Carroll: Surviving winter

Now begin the darkest days of the year. This phenomenon of the revolutions of the Earth has long defined one pole of the human psyche. For the next two weeks, the days shorten, the nights grow longer, and the eyes of all people lift to see what's coming.

Now is when American theaters should mount "Waiting for Godot," or "Waiting for Lefty," bringing alive the national melodrama, which could be called, "Waiting for Barack." In fact, it is appropriate to these weeks that America's election euphoria has given way to the low-key stasis of, as we say, an administration-in-waiting.

Of course, what America overwhelmingly awaits is the economy's recovery, a hope that has been magically tied to the coming presidential  inauguration.

Waiting is normally the most passive of experiences, yet in these weeks ahead of the comeback of the sun, waiting is positively exhausting. The seasonal observances - whether religious feasts, the festivals of light, the parties, or only shopping - all give expression to a fundamental longing, which in turns reveals the built-in contradiction of awareness.

On the Christian calendar, this is the time of Advent, which means coming. The genius of the sacramental imagination is to recognize in the givens of nature signals of the transcendent, and so the birth of the Lord was located at the winter solstice so that the lengthening of days could be seen as an emblem of the coming of the absent God, also known as Light of Light. But Christianity was merely lifting themes that adhere in the broad perceptions of the planet's cosmic dance.

Before God's presence can be felt, God's absence must be reckoned with, and absence is the first present of December.

"Oh come, oh come, Emmanuel," Christians sing, picking up on Isaiah's prophecy, but primordial longing for what does not yet exist is the point.

What does the season's shopping frenzy reveal, even in an economy when shopping makes little sense?

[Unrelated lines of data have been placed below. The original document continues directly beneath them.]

(* A tubal matrix $\mathcal A\in\mathbb{C}_p^{I\times I}$ is unitary if and only if its small-t transpose $\mathcal A^t$ is unitary.
   Context: Fix an integer $p\ge1$ and an invertible linear map $L:\mathbb{C}^p\to\mathbb{C}^p$. A tubal scalar is an element of $\mathbb{C}_p:=\mathbb{C}^p$. The tensor-tensor product of tubal scalars is $\mathbf a*\mathbf b=L^{-1}(L(\mathbf a)\odot L(\mathbf b))$, where $\odot$ is the componentwise product. A tubal matrix $\mathcal A\in\mathbb{C}_p^{I\times J}$ is an $I\times J$ array of tubal scalars (identified with an array in $\mathbb{C}^{I\times J\times p}$); its $k$-th frontal slice $\mathcal A^{(k)}\in\mathbb{C}^{I\times J}$ has entries $\mathcal A(i,j)^{(k)}$, and $L(\mathcal A)$ is obtained by applying $L$ to every entry. For $\mathcal A\in\mathbb{C}_p^{I\times J}$, $\mathcal B\in\mathbb{C}_p^{J\times K}$, the product $\mathcal A*\mathcal B\in\mathbb{C}_p^{I\times K}$ is defined by $(\mathcal A*\mathcal B)(i,k)=\sum_j\mathcal A(i,j)*\mathcal B(j,k)$; equivalently $L(\mathcal A*\mathcal B)^{(k)}=L(\mathcal A)^{(k)}L(\mathcal B)^{(k)}$ for all $k$. The identity $\mathcal I_I\in\mathbb{C}_p^{I\times I}$ is the tubal matrix with $L(\mathcal I_I)^{(k)}$ equal to the $I\times I$ identity matrix for every $k$. The Hermitian transpose $\mathcal A^H\in\mathbb{C}_p^{J\times I}$ is defined by $L(\mathcal A^H)^{(k)}=(L(\mathcal A)^{(k)})^H$ for all $k$. $\mathcal A\in\mathbb{C}_p^{I\times I}$ is unitary if $\mathcal A*\mathcal A^H=\mathcal A^H*\mathcal A=\mathcal I_I$. The small-t transpose $\mathcal A^t\in\mathbb{C}_p^{J\times I}$ is defined by $\mathcal A^t(j,i)=\mathcal A(i,j)$ (each frontal slice is transposed, without conjugation). *)

From mathcomp Require Import all_boot all_algebra complex reals.
Set Implicit Arguments. Unset Strict Implicit. Unset Printing Implicit Defensive.
Import GRing.Theory Num.Theory.
Local Open Scope ring_scope.

Section Tubal.
Variables (R : realType) (p : nat) (L : 'M[R[i]]_p).

Definition tube := 'cV[R[i]]_p.
Definition tmat (I J : nat) := 'M[tube]_(I, J).

Definition Lt (a : tube) : tube := L *m a.
Definition Linvt (a : tube) : tube := invmx L *m a.

Definition tprod (a b : tube) : tube :=
  Linvt (\col_k ((Lt a) k 0 * (Lt b) k 0)).

Definition tmul I J K (A : tmat I J) (B : tmat J K) : tmat I K :=
  \matrix_(i, k) \sum_(j < J) tprod (A i j) (B j k).

(* identity: L(I)^{(k)} is the identity matrix for every k *)
Definition tid I : tmat I I :=
  \matrix_(i, j) Linvt (\col_(k < p) (i == j)%:R).

(* Hermitian transpose: L(A^H)^{(k)} = (L(A)^{(k)})^H *)
Definition tH I J (A : tmat I J) : tmat J I :=
  \matrix_(j, i) Linvt (map_mx Num.conj (Lt (A i j))).

Definition tunitary I (A : tmat I I) : Prop :=
  tmul A (tH A) = tid I /\ tmul (tH A) A = tid I.

Definition tT I J (A : tmat I J) : tmat J I := \matrix_(j, i) A i j.

End Tubal.

(* Applying L entrywise turns a tubal matrix into p ordinary complex matrices
   (its frontal slices), and the t-product, the identity and the Hermitian
   transpose all act slice by slice.  So A is unitary iff every slice of L(A)
   is a unitary matrix.  The small-t transpose commutes with L, hence
   transposes every slice, and an ordinary square matrix is unitary iff its
   transpose is. *)
From mathcomp Require Import all_boot all_algebra complex reals.
Set Implicit Arguments. Unset Strict Implicit. Unset Printing Implicit Defensive.
Import GRing.Theory Num.Theory.
Local Open Scope ring_scope.
Local Open Scope sesquilinear_scope.

Section FrontalSlices.
Variables (R : realType) (p : nat) (L : 'M[R[i]]_p).

Definition tslice (k : 'I_p) I J (A : tmat R p I J) : 'M[R[i]]_(I, J) :=
  \matrix_(i, j) Lt L (A i j) k 0.

Lemma tslice_tT k I J (A : tmat R p I J) : tslice k (tT A) = (tslice k A)^T.
Proof. by apply/matrixP => i j; rewrite !mxE. Qed.

Hypothesis L_unit : L \in unitmx.

Lemma LtK (v : tube R p) : Lt L (Linvt L v) = v.
Proof. by rewrite /Lt /Linvt mulmxA mulmxV // mul1mx. Qed.

Lemma Lt_inj : injective (Lt L).
Proof.
move=> a b /(congr1 (mulmx (invmx L))).
by rewrite /Lt !mulmxA mulVmx // !mul1mx.
Qed.

Lemma tslice_inj I J (A B : tmat R p I J) :
  (forall k, tslice k A = tslice k B) -> A = B.
Proof.
move=> eqAB; apply/matrixP => i j; apply: Lt_inj; apply/matrixP => k l.
by rewrite ord1; have /matrixP/(_ i j) := eqAB k; rewrite !mxE.
Qed.

Lemma tslice_tmul k I J K (A : tmat R p I J) (B : tmat R p J K) :
  tslice k (tmul L A B) = tslice k A *m tslice k B.
Proof.
apply/matrixP => i l; rewrite mxE [X in Lt L X]mxE /Lt mulmx_sumr summxE mxE.
by apply: eq_bigr => j _; rewrite -[L *m _]/(Lt L _) /tprod LtK !mxE.
Qed.

Lemma tslice_tid k I : tslice k (tid L I) = 1%:M.
Proof. by apply/matrixP => i j; rewrite mxE [X in Lt L X]mxE LtK !mxE. Qed.

Lemma tslice_tH k I J (A : tmat R p I J) : tslice k (tH L A) = (tslice k A)^t*.
Proof. by apply/matrixP => j i; rewrite mxE [X in Lt L X]mxE LtK !mxE. Qed.

Lemma tunitaryE I (A : tmat R p I I) :
  tunitary L A <-> forall k, tslice k A \is unitarymx.
Proof.
split=> [[AAH _] k | Aunitary].
  by apply/unitarymxP; rewrite -tslice_tH -tslice_tmul AAH tslice_tid.
by split; apply: tslice_inj => k; rewrite tslice_tmul tslice_tH tslice_tid;
  [|apply: mulmx1C]; apply/unitarymxP.
Qed.

End FrontalSlices.

Theorem proposition3p3 (R : realType) (p : nat) (L : 'M[R[i]]_p) (I : nat)
    (A : tmat R p I I) :
  (0 < p)%N -> L \in unitmx ->
  (tunitary L A <-> tunitary L (tT A)).
Proof.
move=> _ L_unit; rewrite !(tunitaryE L_unit).
by split=> unitary_slices k; have := unitary_slices k;
  rewrite tslice_tT trmx_unitary.
Qed.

Humans are conceived with a constitutional inability to be satisfied with the present moment ("conceived," as the tradition says, "in original sin"). That in-built dissatisfaction is so efficiently appealed to by ideas of acquisition and consumption that an entire financial system has been constructed around it. The darkest days of the year, when the unconscious is most at the mercy of longing, inevitably trigger the commercial mechanism of desire. Shoppers are after not what they buy, but the pure effervescence of buying. That lightheadedness substitutes for light, but it is fleeting. Capitalism is founded on an illusion. It is not only the delayed pain of the credit card bill that comes later, but the inevitable regret when, once home, the purchase disappoints. Is it possible that the present economic crisis is a final reckoning with the lie that happiness can be purchased?

Curious, isn't it, that depression is the word for both economic collapse and nervous breakdown. Of the latter, they say that depression is a three-part disease: Thanksgiving, Christmas, and New Year's. Our bad luck this year is that the economic and emotional letdowns have arrived together, perfectly timed for an epidemic of the solstice blues, which are sometimes diagnosed as seasonal affective disorder. Poignantly known as SAD, that condition is directly tied to the absence of light, and the provision of light is its treatment. But perhaps darkness is less the source of our anguish than the medium in which it is most painfully felt.

Memory and expectation define the days of December - nostalgia for holidays of yore, the letter to Santa - because the past and the future are the unpolluted zones of consciousness. The present is always less than we imagine it could be, and that aspect of awareness most profoundly shapes the human condition.

I began by saying that darkness defines one pole of the psyche. Darkness is not its axis: there is something else. The double-mindedness that insists in the time of long nights that long days are surely coming back is itself the antidote. Humans cannot have the experience that something is missing without supplying it through an unwilled act of imagination. That is why, finally, longing and desire weigh so much more than nostalgia and regret. To want, in the true economy, is already to have. What we know of the light, we learn in the dark.